So findet sich heute in den Verwaltungsvorschriften zu den Förderprogrammen zunehmend die Möglichkeit Verkehrswege der Straßenbahnen in Teilbereichen straßenbündig zu führen. „Um die Beschleunigung des Schienenverkehrs zu gewährleisten, muss der Vorrang von schienengebundenen Verkehrswegen beispielsweise unter Zuhilfenahme anderer (telematischer) Lösungen, gewährleistet werden.“ schreibt das Ministerium für Verkehr BadenWürttemberg1).

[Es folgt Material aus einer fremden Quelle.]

Lemma poisson_pp_void (H : Omega -> set (plane R)) (mu : set (plane R) -> \bar R)
    (A : set (plane R)) (m : R) :
  poisson_pp P H mu -> measurable A -> mu A = m%:E ->
  P [set w | npoints (H w) A = 0%E] = (expR (- m))%:E.
Proof.
move=> [PPcount _] mA muA; have muA_fin : (mu A < +oo)%E by rewrite muA ltry.
have [_ /(_ 0%N)] := PPcount A mA muA_fin.
by rewrite muA /poisson_p expr0 mulr1 fact0 divr1.
Qed.

Lemma poisson_pp_ae_void (H : Omega -> set (plane R)) (mu : set (plane R) -> \bar R)
    (A : set (plane R)) :
  poisson_pp P H mu -> measurable A -> mu A = 0%E ->
  {ae P, forall w, H w `&` A = set0}.
Proof.
move=> PP mA muA0.
have mvoid : measurable [set w | npoints (H w) A = 0%E].
  by apply: poisson_pp_measurable_void PP mA _; rewrite muA0 ltry.
exists (~` [set w | npoints (H w) A = 0%E]); split.
- exact: measurableC.
- by rewrite probability_setC // (poisson_pp_void PP mA muA0) oppr0 expR0 subee.
- by move=> w /= not_void /npoints_eq0.
Qed.

Lemma ae_heads_pos (H : Omega -> set (plane R)) (v lam : R) :
  poisson_pp P H (head_intensity v lam) -> {ae P, forall w, forall p, H w p -> 0 < p.2}.
Proof.
move=> PP; have nonpos_mble : measurable [set p : plane R | p.2 <= 0].
  rewrite (_ : [set p | _] = setT `&` snd @^-1` `]-oo, 0]); last first.
    by apply/seteqP; split=> p /=; rewrite in_itv //= => -[].
  exact: measurable_snd (measurable_itv _).
apply: filterS (poisson_pp_ae_void PP nonpos_mble (head_intensity_nonpos v lam)).
move=> w no_nonpos p Hp; rewrite ltNge; apply/negP => p_le0.
by have : (H w `&` [set p | p.2 <= 0]) p by []; rewrite no_nonpos.
Qed.
Lemma odot_Lip1 (f g : G -> Dplus) :
  Lip1 D star f -> Lip1 D star (odot mul star f g).
Proof.
  intros Hf x y; rewrite starC.
  apply (star_odot_least _ _ _ e mulg1 Hsup); intros u z <-.
  apply Dle_trans with (star (f (mul x (inv z))) (g z)); [|apply odot_ub, mulgKV].
  rewrite starA, (starC (g z)), <- starA; apply star_monol.
  replace (D x (mul u z)) with (D (mul x (inv z)) u).
  - rewrite starC; apply Hf.
  - rewrite <- (D_mulr (mul x (inv z)) u z), mulgKV; reflexivity.
Qed.

Lemma odot_assoc (f g h : G -> Dplus) :
  odot mul star (odot mul star f g) h = odot mul star f (odot mul star g h).
Proof.
  apply functional_extensionality; intro x; apply Dle_antisym.
  - apply (odot_assoc_le _ _ _ e mulg1 Hsup mulA starA star_monor).
  - rewrite !(odot_opp _ mul star starC).
    apply (odot_assoc_le _ _ _ e mul1g Hsup); [|exact starA|exact star_monor].
    intros; symmetry; apply mulA.
Qed.

Lemma Lip1_delta (a : G) : Lip1 D star (delta D a).
Proof. intros x y; apply D_triangle. Qed.

Lemma odot_delta_unit (f : G -> Dplus) : Lip1 D star f ->
  odot mul star (delta D e) f = f /\ odot mul star f (delta D e) = f.
Proof.
  intro Hf; split.
  - exact (odot_delta_l _ _ _ _ _ mul1g D_mulr D_refl H0star f Hf).
  - rewrite (odot_opp _ mul star starC).
    exact (odot_delta_l _ _ _ _ _ mulg1 D_mull D_refl H0star f Hf).
Qed.

Lemma odot_deltas (a b : G) :
  delta D (mul a b) = odot mul star (delta D a) (delta D b).
Proof.
  apply functional_extensionality; intro x; unfold delta; apply Dle_antisym.
  - apply Dle_trans with (star (D (mul x (inv b)) a) (D b b)).
    + rewrite D_refl, starH0, <- (D_mulr _ a b), mulgKV; apply Dle_refl.
    + exact (odot_ub _ _ _ (delta D a) (delta D b) x _ b (mulgKV x b)).
  - apply odot_least; intros y z <-.
    rewrite <- (D_mulr y a z), <- (D_mull z b a); apply D_triangle.
Qed.

Lemma delta_inj (a b : G) : delta D a = delta D b -> a = b.
Proof.
  intro Hab; apply D_eq_H0.
  rewrite <- (D_refl a); exact (f_equal (fun k => k a) (eq_sym Hab)).
Qed.

End MetricGroup.

Theorem theorem1 (G : Type) (mul : G -> G -> G) (inv : G -> G) (e : G)
  (D : G -> G -> Dplus) (star : Dplus -> Dplus -> Dplus)
  (Hgrp : is_group mul inv e) (Hpm : pm_space D star)
  (Hinv : invariant mul D) (Hsup : sup_continuous star) :
  (forall f g, Lip1 D star f -> Lip1 D star g -> Lip1 D star (odot mul star f g)) /\
  (forall f g h, Lip1 D star f -> Lip1 D star g -> Lip1 D star h ->
     odot mul star (odot mul star f g) h = odot mul star f (odot mul star g h)) /\
  Lip1 D star (delta D e) /\
  (forall f, Lip1 D star f ->
     odot mul star (delta D e) f = f /\ odot mul star f (delta D e) = f) /\
  (forall a, Lip1 D star (delta D a)) /\
  (forall a b, delta D a = delta D b -> a = b) /\
  (forall a b, delta D (mul a b) = odot mul star (delta D a) (delta D b)).
Proof.
  split; [intros f g Hf _; eapply odot_Lip1; eauto|].
  split; [intros; eapply odot_assoc; eauto|].
  split; [eapply Lip1_delta; eauto|].
  split; [intros; eapply odot_delta_unit; eauto|].
  split; [eapply Lip1_delta; eauto|].
  split; [intros; eapply delta_inj; eauto|].
  intros; eapply odot_deltas; eauto.
Qed.
Lemma L2sq_comp_affine c d v : c < d ->
  L2sq c d (fun t => v.[t]) =
  (d - c) * dot01 (v \Po affine c (d - c)) (v \Po affine c (d - c)).
Proof.
move=> lt_cd; rewrite /L2sq dot01E -comp_polyM -integ_comp_affine //.
by congr integ; apply/funext => t; rewrite hornerM expr2.
Qed.

End PolyIntegral.

Section Riesz.
Variables (R : realType) (n : nat).
Implicit Types (u v : {poly R}) (r : 'rV[R]_n.+1).

Definition coefrow u : 'rV[R]_n.+1 := \row_a u`_a.

Definition row_poly r : {poly R} := \poly_(i < n.+1) r 0 (inord i).

Lemma coefrow_poly r : coefrow (row_poly r) = r.
Proof. by apply/rowP => i; rewrite !mxE coef_poly ltn_ord inord_val. Qed.

Definition gram : 'M[R]_n.+1 := \matrix_(a, b) dot01 'X^a 'X^b.

Lemma dot01_gram u v : (size u <= n.+1)%N -> (size v <= n.+1)%N ->
  dot01 u v = (coefrow u *m gram *m (coefrow v)^T) 0 0.
Proof.
move=> le_u_n le_v_n; rewrite (dot01_coefE v le_u_n) mxE.
under [RHS]eq_bigr do rewrite !mxE big_distrl /=.
rewrite exchange_big; apply: eq_bigr => a _.
rewrite dot01C (dot01_coefE 'X^a le_v_n) mulr_sumr; apply: eq_bigr => b _.
by rewrite !mxE (dot01C 'X^b) mulrA mulrAC.
Qed.

Lemma gram_unit : gram \in unitmx.
Proof.
rewrite -row_free_unit; apply: inj_row_free => r rG0.
have u0 : dot01 (row_poly r) (row_poly r) = 0.
  by rewrite dot01_gram ?size_poly // coefrow_poly rG0 mul0mx mxE.
by rewrite -[r]coefrow_poly (dot01_eq0 u0); apply/rowP => i; rewrite !mxE coef0.
Qed.

Section Functional.
Variable phi : {poly R} -> R.
Hypothesis phiD : {morph phi : p q / p + q}.
Hypothesis phiZ : forall c, {morph phi : p / c *: p >-> c * p}.

Definition riesz : {poly R} := row_poly ((\row_a phi 'X^a) *m invmx gram).

Lemma dot01_riesz u : (size u <= n.+1)%N -> dot01 riesz u = phi u.
Proof.
move=> le_u_n; rewrite dot01_gram ?size_poly // coefrow_poly.
rewrite -(mulmxA _ (invmx gram)) mulVmx ?gram_unit // mulmx1.
rewrite (functional_polyE phiD phiZ le_u_n) mxE.
by apply: eq_bigr => a _; rewrite !mxE mulrC.
Qed.

Lemma riesz_bound u : (size u <= n.+1)%N ->
  phi u ^+ 2 <= dot01 riesz riesz * dot01 u u.
Proof. by move=> le_u_n; rewrite -dot01_riesz // dot01_CauchySchwarz. Qed.

End Functional.
End Riesz.

Section ControlVolumes.
Variable R : realType.
Implicit Types (c d h : R) (u v : {poly R}) (x A xi w : nat -> R).

Lemma mstar_valD x A j : {morph (fun v => mstar_val v x A j) : u v / u + v}.
Proof. by move=> u v; elim: j => [|j IH] /=; rewrite ?IH derivD !hornerD; ring. Qed.

Lemma mstar_valZ x A j c : {morph (fun v => mstar_val v x A j) : u / c *: u >-> c * u}.
Proof. by move=> u; elim: j => [|j IH] /=; rewrite ?IH derivZ !hornerZ; ring. Qed.

Lemma mstar_val_comp_affine v c h xi w j :
  mstar_val v (fun j => c + h * xi j) (fun j => h * w j) j =
  mstar_val (v \Po affine c h) xi w j.
Proof.
have deriv_comp_at t : ((v \Po affine c h)^`()).[t] = (v^`()).[c + h * t] * h.
  by rewrite deriv_comp deriv_affine hornerM horner_comp horner_affine hornerC.
by elim: j => [|j IH] /=; rewrite ?IH !deriv_comp_at ?horner_comp ?horner_affine; ring.
Qed.

Variables (k : nat) (xi w : nat -> R).
Hypothesis xi_incr : forall j, (j <= k)%N -> xi j < xi j.+1.

Definition mstar_riesz (j : nat) : {poly R} := riesz k (fun v => mstar_val v xi w j).

Definition mstar_bound2 : R :=
  \sum_(j < k.+1) (xi j.+1 - xi j) * dot01 (mstar_riesz j) (mstar_riesz j).

Lemma mstar_bound2_ge0 : 0 <= mstar_bound2.
Proof.
apply: sumr_ge0 => j _; rewrite mulr_ge0 ?dot01_ge0 // subr_ge0 ltW //.
by rewrite xi_incr // -ltnS.
Qed.

Lemma L2sq_mstar_cell c d v : c < d -> (size v <= k.+1)%N ->
  \sum_(j < k.+1) L2sq (c + (d - c) * xi j) (c + (d - c) * xi j.+1)
    (fun=> mstar_val v (fun j => c + (d - c) * xi j) (fun j => (d - c) * w j) j)
  <= mstar_bound2 * L2sq c d (fun t => v.[t]).
Proof.
move=> lt_cd le_v_k; have h_gt0 : 0 < d - c by rewrite subr_gt0.
set h := d - c; set u := v \Po affine c h.
have le_u_k : (size u <= k.+1)%N by rewrite size_comp_affine ?gt_eqF.
rewrite L2sq_comp_affine // -/h -/u /mstar_bound2 mulr_suml.
apply: ler_sum => j _; have xi_j := xi_incr (ltn_ord j).
rewrite L2sq_cst ?ltrD2l ?ltr_pM2l // mstar_val_comp_affine -/u.
have -> : c + h * xi j.+1 - (c + h * xi j) = h * (xi j.+1 - xi j) by ring.
have -> : (xi j.+1 - xi j) * dot01 (mstar_riesz j) (mstar_riesz j) * (h * dot01 u u)
    = dot01 (mstar_riesz j) (mstar_riesz j) * dot01 u u * (h * (xi j.+1 - xi j)) by ring.
have width_ge0 : 0 <= h * (xi j.+1 - xi j) by rewrite ltW // mulr_gt0 // subr_gt0.
rewrite ler_wpM2r //.
exact: (riesz_bound (mstar_valD xi w j) (mstar_valZ xi w j) le_u_k).
Qed.

End ControlVolumes.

3 Durchführung eines Sicherheitsaudits

Eine Vorgabe in manchen Bundesländern ist mittlerweile die Durchführung eines Sicherheitsaudits und die Heilung oder Begründung der im Audit genannten Punkte. Dies ist kein grundsätzlicher oder gestalterischer Eingriff in die Planungen wie im Abschnitt 2 dargestellt – er dient zur Sicherstellung einer hohen auf alle Belange abgestimmten Qualität der Planung und dem späteren Betrieb.

4 Klimaschutz

Der Bund hat als Ziel für das Erreichen der Klimaneutralität im Bundesklimaschutzgesetz das Jahr 2045 festgelegt, festgehalten auch in der Novelle des Jahres 2024. Zum Erreichen der Zwischenziele und des Ziels im Jahr 2045 sind im Verkehrsbereich enorme Anstrengungen erforderlich.

In Bezug auf den Klimaschutz gibt es viele Absichtserklärungen, verstärkend immer wieder vom Ziel 2045 abweichende frühere Landesund kommunale Ziele. Das Land Rheinland-Pfalz etwa definiert im aktuell in Abstimmung befindlichen Landesklimaschutzgesetz das Zieljahr 2040 zur Erreichung der Klimaneutralität. Ein europaweites Städtenetz hat das Jahr 2030 zur Erreichung der Klimaneutralität festgelegt – in Deutschland sind etwa die Städte Mannheim und Heidelberg ausgesucht worden. Die Stadt Heidelberg schreibt hierzu im April 2022:

„Heidelberg ist eine von 112 Städten, die die Europäische Union (EU) am Donnerstag, 28. April 2022, als Modellstadt für Klimaneutralität ausgewählt hat. Das Ziel: 100 Kommunen aus der EU und zwölf Kommunen aus assoziierten Ländern sollen bis 2030 klimaneutral werden und ihre Erfahrungen an andere Städte und Gemeinden weitergeben. Dafür stellt die EU insgesamt 117 Millionen Euro im Rahmen ihrer Mission „Klimaneutrale und smarte Städte“ für konkrete Klimaschutz-Maßnahmen zur Verfügung“.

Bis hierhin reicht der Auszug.